What does exercise have to do with preventing heart disease? A few things. Your heart is a muscle, and like all muscles, it needs exercise to be strong. Regular exercise can encourage better circulation of blood through the heart. It can lower blood pressure and high cholesterol, too.

Exercise also offers two other cardiac benefits – it reduces stress and it can help maintain or regulate your weight.

Reducing stress reduces levels of certain hormones that can be damaging to your vascular (blood vessel) system.

Maintaining a healthy weight can reduce your chance of developing Type 2 Diabetes and can help you control your high blood pressure.

So, there are a lot of good reasons to exercise – but how do I start to exercise?

There are a lot of ways to start moving. First things first, though – check with your doctor and make sure you’re healthy enough to start.
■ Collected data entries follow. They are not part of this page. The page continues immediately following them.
(* {x : w.x + b >= 0} with ||w|| = 1 is the halfspace defining a facet of P:
   it contains P and its boundary hyperplane meets P in a face of affine
   dimension d-1 (i.e. containing d affinely independent points). *)
Definition facet_halfspace (P : set vec) (w : vec) (b : R) : Prop :=
  enorm w = 1 /\ (forall x, P x -> 0 <= dotv w x + b) /\
  exists p : 'I_d -> vec,
    (forall i, P (p i) /\ dotv w (p i) + b = 0) /\ aff_indep p.

Definition shift_out (P : set vec) (a : R) : set vec :=
  [set x | forall w b, facet_halfspace P w b -> - a <= dotv w x + b].
Definition shift_in (P : set vec) (a : R) : set vec :=
  [set x | forall w b, facet_halfspace P w b -> a <= dotv w x + b].

Definition mink_plus (P : set vec) (a : R) : set vec :=
  [set x | exists p q, P p /\ ball0 a q /\ x = p + q].
Definition mink_minus (P : set vec) (a : R) : set vec :=
  [set p | forall q, ball0 a q -> P (p + q)].

Definition margin (P : set vec) (a : R) : set vec := shift_out P a `\` shift_in P a.
Definition envelope (P : set vec) (a : R) : set vec := mink_plus P a `\` mink_minus P a.

End Defs.

(* If x
   were in P^(-gamma), pushing x by gamma against the unit normal w of a facet
   would stay in P and force w.x + b >= gamma > gamma^2/2.  Conversely the point
   z = x + gamma/2 (y - x) is within gamma of x and satisfies every facet
   inequality strictly (with margin gamma^3/4), so it suffices that such a point
   lies in P = conv v.  If it did not, a hyperplane through a vertex would
   separate it from P; rotating this hyperplane about the affine hull of the
   vertices it contains (gift wrapping) adds affinely independent vertices
   until there are d of them, and it then bounds a facet of P violated by z. *)

From HB Require Import structures.
From mathcomp Require Import all_boot all_order all_algebra.
From mathcomp Require Import boolp classical_sets reals topology normedtype derive.
From mathcomp Require Import lra ring.
Import Order.TTheory GRing.Theory Num.Theory numFieldNormedType.Exports.
Local Open Scope ring_scope.
Local Open Scope classical_set_scope.
Set Implicit Arguments. Unset Strict Implicit. Unset Printing Implicit Defensive.
Lemma cyl_max_local_max (f : ST R n -> R) (T : R) (z : ST R n) :
  enorm z.1 < 1 -> 0 < z.2 < T -> (forall y : ST R n, @cyl R n T y -> f y <= f z) ->
  local_max_at f z.
Proof.
move=> z1_lt1 /andP[z2_gt0 z2_ltT] f_max.
have [r r_gt0 ball_r] := enorm_lt1_nbhs z1_lt1.
exists (Num.min r (Num.min z.2 (T - z.2))); split.
  by rewrite !lt_min r_gt0 z2_gt0 subr_gt0 z2_ltT.
move=> y; rewrite !lt_min => /andP[y1_near _] /andP[_ /andP[y2_near1 y2_near2]].
apply: f_max; split; first exact: ball_r.
move: y2_near1 y2_near2; rewrite !ltr_norml => /andP[? ?] /andP[? ?].
by apply/andP; split; lra.
Qed.

End EuclideanBall.

Section Barrier.
Variables (R : realType) (n : nat).
Implicit Types (a e d p : R) (m : nat) (z : ST R n).

Definition barrier a e d m : ST R n -> R^o := st_poly (fun=> a) (fun=> 0) 0 e d m.

Lemma barrierE a e d m z :
  barrier a e d m z = a * enorm z.1 ^+ 2 + e * z.2 + d * z.2 ^+ m.
Proof.
rewrite /barrier /st_poly /st_quad enorm_sqr add0r mulr_sumr.
by under eq_bigr do rewrite mul0r addr0.
Qed.

Lemma hess_barrier a e d m z : hess (barrier a e d m) z = (2 * a)%:M.
Proof.
apply/matrixP => i j; rewrite !mxE /barrier derive_st_poly derive_sdir_st_poly.
by rewrite mulr0 mul0r add0r !mxE eqxx eq_sym mulr_natr.
Qed.

Lemma dt_barrier a e d m z : dt (barrier a e d m) z = e + d * m%:R * z.2 ^+ m.-1.
Proof. exact: derive_tdir_st_poly. Qed.

Lemma lap_barrier a e d m z : lap (barrier a e d m) z = 2 * a * n%:R.
Proof. by rewrite /lap hess_barrier mxtrace_scalar mulr_natr. Qed.

End Barrier.
Lemma linear_bijective_of_ker0 (K : fieldType) (V : vectType K) (f : {linear V -> V}) :
  (forall v, f v = 0 -> v = 0) -> bijective f.
Proof.
move=> ker0; pose F : 'End(V) := linfun f.
have injF : lker F == 0%VS.
  apply/lker0P => u w; rewrite !lfunE => /eqP; rewrite -subr_eq0 -linearB.
  by move=> /eqP /ker0 /eqP; rewrite subr_eq0 => /eqP.
have FE u : F u = f u by rewrite lfunE.
by exists F^-1%VF => u; rewrite -FE ?lker0_lfunK ?lker0_lfunVK.
Qed.

Section IndexedAccess.
Context {R : realType}.

Lemma vatE m (a : 'rV[R]_m) (k : 'I_m) : vat a k = a ord0 k.
Proof.
rewrite /vat; case: insubP => [u _ uk|]; last by rewrite ltn_ord.
by congr (a ord0 _); apply: val_inj.
Qed.

Lemma matE m n (a : 'M[R]_(m, n)) (i : 'I_m) (j : 'I_n) : mat a i j = a i j.
Proof.
rewrite /mat; case: insubP => [u _ ui|]; last by rewrite ltn_ord.
case: insubP => [u' _ uj|]; last by rewrite ltn_ord.
by congr (a _ _); apply: val_inj.
Qed.

Lemma vat0 m k : vat (0 : 'rV[R]_m) k = 0.
Proof. by rewrite /vat; case: insub => [i|] //; rewrite mxE. Qed.

Lemma mat0 m n a b : mat (0 : 'M[R]_(m, n)) a b = 0.
Proof. by rewrite /mat; case: insub => [i|] //; case: insub => [j|] //; rewrite mxE. Qed.

Lemma vat_line m (a b : 'rV[R]_m) h k : vat (h *: a + b) k = h * vat a k + vat b k.
Proof. by rewrite /vat; case: insub => [i|]; rewrite ?mxE // mulr0 addr0. Qed.

Lemma mat_line m n (a b : 'M[R]_(m, n)) h i j :
  mat (h *: a + b) i j = h * mat a i j + mat b i j.
Proof.
by rewrite /mat; case: insub => [i'|]; [case: insub => [j'|]|]; rewrite ?mxE // mulr0 addr0.
Qed.

Lemma vat_row m (f : nat -> R) k : (k < m)%N -> vat (\row_(i < m) f i) k = f k.
Proof. by move=> km; rewrite /vat insubT mxE. Qed.

Lemma differentiable_vat (U : normedModType R) m (G : U -> 'rV[R]_m) p k :
  differentiable G p -> differentiable (fun z => vat (G z) k) p.
Proof.
move=> dG; rewrite /vat; case: insub => [i|]; last exact: differentiable_cst.
exact: differentiable_entry.
Qed.

Lemma differentiable_mat (U : normedModType R) m n (G : U -> 'M[R]_(m, n)) p a b :
  differentiable G p -> differentiable (fun z => mat (G z) a b) p.
Proof.
move=> dG; rewrite /mat; case: insub => [i|]; last exact: differentiable_cst.
case: insub => [j|]; last exact: differentiable_cst.
exact: differentiable_entry.
Qed.

End IndexedAccess.

Lemma bidiagonal_eq0 (K : idomainType) (c w : nat -> K) N :
  (forall j, (1 <= j <= N)%N -> c j != 0) ->
  (forall j, (1 <= j <= N)%N -> c j * w j = if j == 1%N then 0 else w j.-1) ->
  forall j, (1 <= j <= N)%N -> w j = 0.
Proof.
move=> c0 eqs; elim=> [//|j IH] /andP[_ jN].
have hj : (1 <= j.+1 <= N)%N by rewrite jN.
have : c j.+1 * w j.+1 == 0.
  rewrite eqs //; case: j IH jN {hj} => [|j] IH jN //=.
  by rewrite IH //; exact: ltnW.
by rewrite mulf_eq0 (negbTE (c0 _ hj)) => /eqP.
Qed.

Lemma sum_split_last (V : nmodType) n (F : nat -> V) : (0 < n)%N ->
  \sum_(i < n) F i.+1 = F n + \sum_(i < n | (i < n.-1)%N) F i.+1.
Proof.
case: n => [//|c] _ /=.
rewrite big_ord_recr /= [in RHS]big_mkcond big_ord_recr /= ltnn addr0 addrC.
by congr (_ + _); apply: eq_bigr => i _; rewrite ltn_ord.
Qed.

Section Jacobian.
Variables (R : realType) (S C : nat).
Variable f_vle : nat -> (R * R * 'rV[R]_C)%type -> R.
Variables (f_hl : (R * 'rV[R]_C)%type -> R) (f_holdup : R -> R).
Variables (nn : nat -> R) (xh : nat -> nat -> R) (HH : nat -> R) (e P0 : R).
Implicit Types z v : Alg R S C.

Definition zV z j := vat z.1.1.1.1.1 j.-1.
Definition zs z j := vat z.1.1.1.1.2 j.-1.
Definition zy z j i := mat z.1.1.1.2 j.-1 i.-1.
Definition zT z j := vat z.1.1.2 j.-1.
Definition zxC z j := vat z.1.2 j.-1.
Definition zL z j := vat z.2 j.-1.
(* Only x^j_C is algebraic; the other mole fractions are the frozen
   differential variables [xh]. *)
Definition zx z j i := if i == C then zxC z j else xh j i.
Definition zxr z j := \row_(i < C) zx z j i.+1.

Definition aux z j :=
  if j == 1%N then
    (\sum_(i < C) (zL z 1 * (zx z 2 i.+1 - zx z 1 i.+1)
                    - zV z 1 * (zy z 1 i.+1 - zx z 1 i.+1))) / nn 1
  else if j == S then
    (\sum_(i < C) (e * zV z S * (zx z S i.+1 - zy z S i.+1)
                    + zV z S.-1 * (zy z S.-1 i.+1 - zx z S i.+1))) / nn S
  else
    (\sum_(i < C) (zL z j * (zx z j.+1 i.+1 - zx z j i.+1) - zV z j * (zy z j i.+1 - zx z j i.+1)
                    + zV z j.-1 * (zy z j.-1 i.+1 - zx z j i.+1))) / nn j.
Definition slack z j := \sum_(i < C) zy z j i.+1 - 1 - zs z j.
Definition ydef z j i := zy z j i - f_vle i (P0, zT z j, zxr z j).
Definition edef z j := HH j - nn j * f_hl (zT z j, zxr z j).
Definition xsum z j := zx z j C - 1 + \sum_(i < C | (i < C.-1)%N) zx z j i.+1.
Definition hold z j := nn j.+1 - f_holdup (zL z j).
Do you have to spend a lot of money? Absolutely not. You can increase your activity by changing some of your habits. See if you can walk to some of your errands instead of driving. If you can’t do that, park at the far end of the lot at the grocery store. Go for a bike ride with your kids, walk through a local park. Check around the neighborhood, with your church or service organization or with your friends and see if anyone has a walking group you can join.

(C) Goldstein
The author working hard to improve her cardiac health.

The secret to sticking to an exercise plan is pretty straightforward – find the active thing you love and go! Hike, bike, dance, swim, garden, run through sprinklers – whatever you enjoy is the thing the most likely to get you out of the house. Don’t be afraid to try different things – ask your friends what they do and see if you can work out with them. Check your local Park & Recreation department – many of them offer a variety of programs – and they’re usually reasonable priced. Exercise shouldn’t be a chore – it should simply be a part of your day.